Voters complain of political overload with presidential election still 3 months away

Voters complain of political overload with presidential election still 3 months away

NEW ORLEANS (WVUE) - Republicans and Democrats duked it out in a war of words at the conventions, and the chatter surrounding who will be the next President of the United States overflows into the streets.

"Everybody's saying that Hillary's going to win," voter Mydreion Morris said.

"I don't think so. I think Trump is going to win. He's got it," said Mydreion's sister, Nicole Morris.

The presidential talk sneaks into voters' lives whether they like it or not, and some say with a little more than three months left in the election, they are already tired and fed up.

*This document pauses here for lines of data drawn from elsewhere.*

Lemma exp_chord (a b s v : R) : a < b -> a <= v <= b ->
  exp (s * v) <= ((b - v) * exp (s * a) + (v - a) * exp (s * b)) / (b - a).
Proof.
move=> ab av; have := unit_ratio ab av; set p := (v - a) / (b - a) => p01.
have -> : s * v = (1 - p) * (s * a) + (1 - (1 - p)) * (s * b) by rewrite /p; field; lra.
apply: Rle_trans (exp_convex _ _ (ltac:(lra) : 0 <= 1 - p <= 1)) _.
by right; rewrite /p; field; lra.
Qed.

(* Serfling's variance factor j (1 - (j - 1) / m) for the sum of the first j
   draws without replacement from a population of size m. *)
Definition serfling_var (m j : nat) : R := INR j * (INR m - INR j + 1) / INR m.

(* Adding one draw in front of j draws from the m remaining items: the
   conditional-mean term (1 - j/m)^2 and the old factor add up to at most
   the new factor. *)
Lemma serfling_var_step (m j : nat) : (j < m)%nat ->
  serfling_var m j + (1 - INR j / INR m) ^ 2 <= serfling_var m.+1 j.+1.
Proof.
move=> /ltP jm; rewrite /serfling_var !S_INR.
have J_ge0 := pos_INR j; have JM := lt_INR _ _ jm; have M_gt0 : 0 < INR m by lra.
have -> : (INR j + 1) * (INR m + 1 - (INR j + 1) + 1) / (INR m + 1) =
          INR j * (INR m - INR j + 1) / INR m + (1 - INR j / INR m) ^ 2 +
          INR j * (INR m - INR j) / ((INR m + 1) * INR m ^ 2) by field; lra.
have : 0 <= INR j * (INR m - INR j) / ((INR m + 1) * INR m ^ 2).
  apply: Rmult_le_pos; first nra.
  by apply/Rlt_le/Rinv_0_lt_compat/Rmult_lt_0_compat; [lra | apply: pow_lt].
lra.
Qed.

Section EmpiricalHoeffding.
Variables (T : eqType) (x : T -> R).

Definition avg (l : seq T) : R := \big[Rplus/0]_(y <- l) x y / INR (size l).

Lemma hoeffding_list (l : seq T) (a b s : R) :
  (0 < size l)%nat -> (forall y, y \in l -> a <= x y <= b) ->
  \big[Rplus/0]_(y <- l) exp (s * (x y - avg l)) <= INR (size l) * exp (s ^ 2 * (b - a) ^ 2 / 8).
Proof.
move=> l_gt0 xab; set m := INR (size l); set mu := avg l.
have m_gt0 : 0 < m by apply/lt_0_INR/ltP.
have sum_x : \big[Rplus/0]_(y <- l) x y = m * mu by rewrite /mu /avg -/m; field; lra.
have [a_mu mu_b] : a <= mu <= b.
  have lo : m * a <= m * mu.
    by rewrite -sum_x -sumR_const; apply: sumR_le_in => y /xab; lra.
  have hi : m * mu <= m * b.
    by rewrite -sum_x -sumR_const; apply: sumR_le_in => y /xab; lra.
  by split; apply: (Rmult_le_reg_l m).
have [ab | ab] := Rle_lt_or_eq_dec a b (Rle_trans _ _ _ a_mu mu_b); last first.
  rewrite -sumR_const; apply: sumR_le_in => y /xab xy; apply: exp_mono.
  by rewrite -ab Rminus_diag (_ : x y - mu = 0); [nra | lra].
set e1 := exp (s * (a - mu)); set e2 := exp (s * (b - mu)).
set p := (mu - a) / (b - a); set h := s * (b - a).
apply: Rle_trans (_ : \big[Rplus/0]_(y <- l)
    ((b * e1 - a * e2) / (b - a) + (e2 - e1) / (b - a) * x y) <= _).
  apply: sumR_le_in => y /xab xy.
  apply: Rle_trans (@exp_chord (a - mu) (b - mu) s (x y - mu) ltac:(lra) ltac:(lra)) _.
  by right; rewrite /e1 /e2; field; lra.
have p01 : 0 <= p <= 1 := unit_ratio ab (conj a_mu mu_b).
have := Hoeffding.hoeffding_bernoulli p01 h.
rewrite (_ : exp (- (h * p)) = e1); last by rewrite /e1 /h /p; f_equal; field; lra.
rewrite (_ : exp (h * (1 - p)) = e2); last by rewrite /e2 /h /p; f_equal; field; lra.
rewrite (_ : h ^ 2 / 8 = s ^ 2 * (b - a) ^ 2 / 8); last by rewrite /h Rpow_mult_distr.
rewrite sumR_affine -/m sum_x => bern.
have -> : m * ((b * e1 - a * e2) / (b - a)) + (e2 - e1) / (b - a) * (m * mu) =
          m * ((1 - p) * e1 + p * e2) by rewrite /p; field; lra.
by apply: Rmult_le_compat_l; lra.
Qed.

Definition partial_dev (l t : seq T) (j : nat) : R :=
  \big[Rplus/0]_(y <- take j t) (x y - avg l).

(* Drawing the first element y reveals information about the remaining mean:
   the deviation of the first j+1 entries of y :: t splits into a multiple
   of x y - avg l and the deviation of t with respect to the mean of the
   remaining population rem y l. *)
Lemma partial_dev_cons (l t : seq T) (y : T) (j : nat) :
  y \in l -> (j <= size t)%nat -> (0 < size (rem y l))%nat ->
  partial_dev l (y :: t) j.+1 =
  (1 - INR j / INR (size (rem y l))) * (x y - avg l) + partial_dev (rem y l) t j.
Proof.
move=> yl jt rem_gt0; rewrite /partial_dev /= big_cons !sumR_sub_const size_take_min.
have sum_l : \big[Rplus/0]_(z <- l) x z = x y + \big[Rplus/0]_(z <- rem y l) x z.
  by rewrite (perm_big _ (perm_to_rem yl)) big_cons.
rewrite (minn_idPl jt) /avg sum_l.
have size_l : size l = (size (rem y l)).+1 by rewrite size_rem // prednK //; case: (l) yl.
have /lt_0_INR M_gt0 := ltP rem_gt0.
rewrite size_l S_INR; field; lra.
Qed.

Lemma sum_permutations_cons (F : seq T -> R) (l : seq T) : uniq l -> (0 < size l)%nat ->
  \big[Rplus/0]_(t <- permutations l) F t =
  \big[Rplus/0]_(y <- l) \big[Rplus/0]_(t <- permutations (rem y l)) F (y :: t).
Proof.
move=> l_uniq l_gt0.
by rewrite (perm_big _ (permutationsE l_gt0)) big_allpairs_dep undup_id.
Qed.

(* Serfling's bound on the moment generating function of the sum of the
   first j draws without replacement from l, written as a sum over all
   orderings of l: induction on j, conditioning on the first draw and
   applying Hoeffding's lemma to it. *)
Lemma serfling_mgf (a b lam : R) (j : nat) (l : seq T) :
  uniq l -> (j < size l)%nat -> (forall y, y \in l -> a <= x y <= b) ->
  \big[Rplus/0]_(t <- permutations l) exp (lam * partial_dev l t j) <=
  INR (size l)`! * exp (lam ^ 2 * ((b - a) ^ 2 / 8) * serfling_var (size l) j).
Proof.
set c := (b - a) ^ 2 / 8.
elim: j l => [|j IH] l l_uniq j_lt xab.
  rewrite (eq_bigr (fun=> 1)) => [|t _]; last by rewrite /partial_dev take0 big_nil Rmult_0_r exp_0.
  rewrite sumR_const size_permutations // /serfling_var Rmult_0_l /Rdiv !Rmult_0_l Rmult_0_r exp_0.
  by right; ring.
case size_l: (size l) j_lt => [//|m]; rewrite ltnS => jm.
set mu := lam * (1 - INR j / INR m).
set K := INR m`! * exp (lam ^ 2 * c * serfling_var m j).
have rem_size y : y \in l -> size (rem y l) = m by move=> yl; rewrite size_rem // size_l.
have cond_step y : y \in l ->
    \big[Rplus/0]_(t <- permutations (rem y l)) exp (lam * partial_dev l (y :: t) j.+1) <=
    exp (mu * (x y - avg l)) * K.
  move=> yl; rewrite (eq_big_seq (fun t => exp (mu * (x y - avg l)) *
                                    exp (lam * partial_dev (rem y l) t j))).
    rewrite -big_distrr; apply: Rmult_le_compat_l; first exact/Rlt_le/exp_pos.
    have := IH (rem y l) (rem_uniq y l_uniq); rewrite rem_size // => /(_ jm); apply.
    by move=> z /mem_rem; apply: xab.
  move=> t; rewrite mem_permutations => /perm_size t_size.
  have m_gt0 : (0 < m)%nat := leq_ltn_trans (leq0n j) jm.
  rewrite partial_dev_cons ?t_size ?rem_size ?(ltnW jm) //.
  by rewrite -exp_plus /mu; f_equal; ring.
rewrite sum_permutations_cons ?size_l //.
apply: Rle_trans (sumR_le_in cond_step) _.
rewrite (eq_bigr (fun y => K * exp (mu * (x y - avg l)))) => [|y _]; last exact: Rmult_comm.
rewrite -big_distrr /K factS mult_INR; set v := lam ^ 2 * c.
have v_ge0 : 0 <= v.
  by apply: Rmult_le_pos; [apply: pow2_ge_0 | rewrite /c; have := pow2_ge_0 (b - a); lra].
have first_draw : \big[Rplus/0]_(y <- l) exp (mu * (x y - avg l)) <=
                  INR m.+1 * exp (v * (1 - INR j / INR m) ^ 2).
  have l_gt0 : (0 < size l)%nat by rewrite size_l.
  have := hoeffding_list mu l_gt0 xab; rewrite size_l.
  by rewrite (_ : mu ^ 2 * (b - a) ^ 2 / 8 = v * (1 - INR j / INR m) ^ 2) // /mu /v /c /Rdiv; ring.
have := exp_mono (Rmult_le_compat_l _ _ _ v_ge0 (serfling_var_step jm)).
rewrite Rmult_plus_distr_l exp_plus => factor_step.
have fact_ge0 := pos_INR m`!; have size_ge0 := pos_INR m.+1.
apply: Rle_trans (Rmult_le_compat_l _ _ _ _ first_draw) _.
  by apply: Rmult_le_pos; [| apply/Rlt_le/exp_pos].
rewrite (_ : forall f g e e' : R, f * e * (g * e') = g * f * (e * e')); last by move=> *; ring.
by apply: Rmult_le_compat_l => //; apply: Rmult_le_pos.
Qed.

"It's 24/7. So I'm pretty done. I would just as soon November be here now and get it over with," voter Denise Winkler said.

"If you go through Facebook, there are things about the election and if you go through Twitter, things about the election. So it is a lot," voter Melika Harris said.

But political analyst Danae Columbus feels presidential fatigue is not an issue.

"I think Louisiana voters are still excited about the campaign and want to be involved in the process," Columbus said.

She believes most voters just started paying attention with the presidential nominees set to face off, and because the outcome of many local elections will also be decided in November.

"[Voters] are just starting to really focus on the races. There's a lot of great state races. The U.S. Senate race here in Louisiana is going to be a fabulous race with a lot of candidates," Columbus said. "Looks like David Duke is going to play well in that race even though a lot of people don't want him to do well, but he probably will, and it looks like in the run off he will be against a strong Democrat. So that will be a very interesting race, as well."

But voters still say they do not like how the presidential race tends to focus on personalities and not the issues.

"I think it's become really childish on both sides. So that's sad to see," voter Carly Burt said.

"The only thing they're similar in is how poor their popularity is," Winkler said.

In a recent Reuters poll, voters' dislike is evident.

The poll says 57 percent of likely Donald Trump voters want him as president simply because they do not like Hillary Clinton, and 55 percent of likely Clinton voters want her as president simply because they do not like Trump.